**THE TASK**
From the line containing "split; [|split]=> [i" onward to the last line of the data below, copy each line exactly and add nothing.

(Stored data)
========================================================================

Lemma exists_stable_perturbation : exists2 eps : R, 0 < eps &
  nonneg (fun i => b i - eps * deg i) /\
  stable_set_condition e (fun i => b i - eps * deg i).
Proof.
have [m1 m1_pos m1_le] := @exists_pos_lower_bound _ _ predT b (fun i _ => b_pos i).
have [m2 m2_pos m2_le] := @exists_pos_lower_bound _ _ (family_S2 e)
  (fun S => \sum_(j in ext_nbhd e S) b j - \sum_(i in S) b i)
  (fun S S2 => ltac:(by rewrite subr_gt0 S2_lt)).
have total0 : 0 <= total_deg by exact: sumr_ge0.
pose eps := Num.min m1 m2 / (total_deg + 1).
have eps_pos : 0 < eps by rewrite divr_gt0 ?lt_min ?m1_pos // ltr_wpDl.
have eps_total : eps * total_deg <= Num.min m1 m2.
  rewrite /eps mulrAC ler_pdivrMr ?ltr_wpDl // ler_wpM2l ?lerDl //.
  by rewrite le_min (ltW m1_pos) ltW.
have [min_m1 min_m2] : Num.min m1 m2 <= m1 /\ Num.min m1 m2 <= m2.
  by split; rewrite ge_min lexx ?orbT.
exists eps => //; split.
  move=> i; rewrite subr_ge0; apply: le_trans (m1_le i isT).
  apply: le_trans min_m1; apply: le_trans eps_total; apply: ler_wpM2l; first exact: ltW.
  by have := sum_subset_le (subsetT [set i]) (fun j _ => deg_ge0 j); rewrite big_set1.
apply: stable_set_condition_perturbed (ltW eps_pos) _ => S S2.
exact: le_trans eps_total (le_trans min_m2 (m2_le S S2)).
Qed.

Lemma exists_positive_weighting :
  exists x, edge_weighting e x b /\ forall i j, e i j -> 0 < x i j.
Proof.
have [eps eps_pos [b'_ge0 b'_stable]] := exists_stable_perturbation.
have [z zT] := transportable_of_hall b'_ge0 b'_ge0
  (hall_condition_of_stable esym b'_ge0 b'_stable).
have z_ge0 : forall i j, 0 <= z i j by case: zT.
exists (fun i j => eps * (e i j)%:R + (z i j + z j i) / 2); split.
  have [xsym x0 xr] := edge_weighting_lin eps (edge_weighting_adj R esym)
    (edge_weighting_of_transport esym zT).
  by split=> // i; rewrite xr addrC subrK.
by move=> i j eij; rewrite eij mulr1; have := z_ge0 i j; have := z_ge0 j i; lra.
Qed.

End Sufficiency.

Theorem positive_edge_weighting_iff (R : realFieldType) n (e : rel 'I_n)
    (b : 'I_n -> R) :
  symmetric e -> connected_graph e -> (forall i, 0 < b i) ->
  (exists x, edge_weighting e x b /\ forall i j, e i j -> 0 < x i j) <->
  (forall S, family_S1 e S -> \sum_(i in S) b i = \sum_(j in ext_nbhd e S) b j) /\
  (forall S, family_S2 e S -> \sum_(i in S) b i < \sum_(j in ext_nbhd e S) b j).
Proof.
move=> esym conn b_pos; split=> [[x [xw x_pos]]|[S1_eq S2_lt]].
  split=> S; first exact: (family_S1_sum_eq xw).
  exact: (family_S2_sum_lt xw esym conn x_pos).
exact: exists_positive_weighting.
Qed.

Lemma wadj_eigenvectorP (R : nzRingType) n (e : rel 'I_n) w (c : 'cV[R]_n) rho :
  wadj e w *m c = rho *: c <->
  forall i, \sum_j (if e i j then w i j else 0) * c j ord0 = rho * c i ord0.
Proof.
split=> [Hw i|Hw].
  have := congr1 (fun M : 'M[R]_(n, 1) => M i ord0) Hw.
  by rewrite !mxE; under eq_bigr do rewrite mxE.
by apply/matrixP => i k; rewrite (ord1 k) !mxE -Hw; apply: eq_bigr => j _; rewrite mxE.
Qed.

Lemma eigenvector_edge_weighting_iff (R : realFieldType) n (e : rel 'I_n)
    (c : 'cV[R]_n) (rho : R) :
  symmetric e -> (forall i, 0 < c i ord0) -> 0 < rho ->
  (exists w : 'I_n -> 'I_n -> R, (forall i j, e i j -> w i j = w j i) /\
     (forall i j, e i j -> 0 < w i j) /\ wadj e w *m c = rho *: c) <->
  (exists x, edge_weighting e x (fun i => c i ord0 ^+ 2) /\
     forall i j, e i j -> 0 < x i j).
Proof.
move=> esym c_pos rho_pos; have c_neq0 i : c i ord0 != 0 by rewrite gt_eqF.
have rho_neq0 : rho != 0 by rewrite gt_eqF.
split=> [[w [wsym [w_pos /wadj_eigenvectorP Hw]]]|[x [[xsym x0 xr] x_pos]]].
  exists (fun i j => if e i j then w i j * c i ord0 * c j ord0 / rho else 0).
  split; first split.
  - move=> i j; rewrite esym; case: ifP => // eji.
    by rewrite (wsym _ _ eji) [w i j * c j ord0 * _]mulrAC.
  - by move=> i j /negbTE->.
  - move=> i; transitivity (c i ord0 / rho * \sum_j (if e i j then w i j else 0) * c j ord0).
      rewrite mulr_sumr; apply: eq_bigr => j _.
      by case: ifP => _; [field | rewrite !mul0r mulr0].
    by rewrite Hw; field.
  - by move=> i j eij; rewrite eij ?divr_gt0 ?mulr_gt0 ?w_pos ?c_pos.
exists (fun i j => rho * x i j / (c i ord0 * c j ord0)).
split; [|split]=> [i j _|i j eij|]; first by rewrite xsym [c j _ * _]mulrC.
  by rewrite ?divr_gt0 ?mulr_gt0 ?x_pos ?c_pos.
apply/wadj_eigenvectorP => i.
have ci := c_neq0 i; transitivity (rho / c i ord0 * \sum_j x i j).
  rewrite mulr_sumr; apply: eq_bigr => j _; have cj := c_neq0 j.
  case: ifPn => [_|/x0->]; last by rewrite !(mul0r, mulr0).
  by field; rewrite ci cj.
by rewrite xr; field.
Qed.

Unset Implicit Arguments.
Theorem theorem1 (R : realType) (n : nat) (e : rel 'I_n)
  (Hsimple : simple_graph e) (Hconn : connected_graph e)
  (c : 'cV[R]_n) (Hc : forall i, 0 < c i ord0) (rho : R) (Hrho : 0 < rho) :
  (exists w : 'I_n -> 'I_n -> R,
      (forall i j, e i j -> w i j = w j i) /\
      (forall i j, e i j -> 0 < w i j) /\
      wadj e w *m c = rho *: c)
  <->
  ((forall S : {set 'I_n}, family_S1 e S ->
      \sum_(j in S) c j ord0 ^+ 2 = \sum_(j in ext_nbhd e S) c j ord0 ^+ 2) /\
   (forall S : {set 'I_n}, family_S2 e S ->
      \sum_(j in S) c j ord0 ^+ 2 < \sum_(j in ext_nbhd e S) c j ord0 ^+ 2)).
Proof.
have [esym _] := Hsimple.
apply: iff_trans (eigenvector_edge_weighting_iff esym Hc Hrho) _.
by apply: positive_edge_weighting_iff => // i; exact: exprn_gt0.
Qed.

========================================================================

**TASK OUTPUT**
split; [|split]=> [i j _|i j eij|]; first by rewrite xsym [c j _ * _]mulrC.
  by rewrite ?divr_gt0 ?mulr_gt0 ?x_pos ?c_pos.
apply/wadj_eigenvectorP => i.
have ci := c_neq0 i; transitivity (rho / c i ord0 * \sum_j x i j).
  rewrite mulr_sumr; apply: eq_bigr => j _; have cj := c_neq0 j.
  case: ifPn => [_|/x0->]; last by rewrite !(mul0r, mulr0).
  by field; rewrite ci cj.
by rewrite xr; field.
Qed.

Unset Implicit Arguments.
Theorem theorem1 (R : realType) (n : nat) (e : rel 'I_n)
  (Hsimple : simple_graph e) (Hconn : connected_graph e)
  (c : 'cV[R]_n) (Hc : forall i, 0 < c i ord0) (rho : R) (Hrho : 0 < rho) :
  (exists w : 'I_n -> 'I_n -> R,
      (forall i j, e i j -> w i j = w j i) /\
      (forall i j, e i j -> 0 < w i j) /\
      wadj e w *m c = rho *: c)
  <->
  ((forall S : {set 'I_n}, family_S1 e S ->
      \sum_(j in S) c j ord0 ^+ 2 = \sum_(j in ext_nbhd e S) c j ord0 ^+ 2) /\
   (forall S : {set 'I_n}, family_S2 e S ->
      \sum_(j in S) c j ord0 ^+ 2 < \sum_(j in ext_nbhd e S) c j ord0 ^+ 2)).
Proof.
have [esym _] := Hsimple.
apply: iff_trans (eigenvector_edge_weighting_iff esym Hc Hrho) _.
by apply: positive_edge_weighting_iff => // i; exact: exprn_gt0.
Qed.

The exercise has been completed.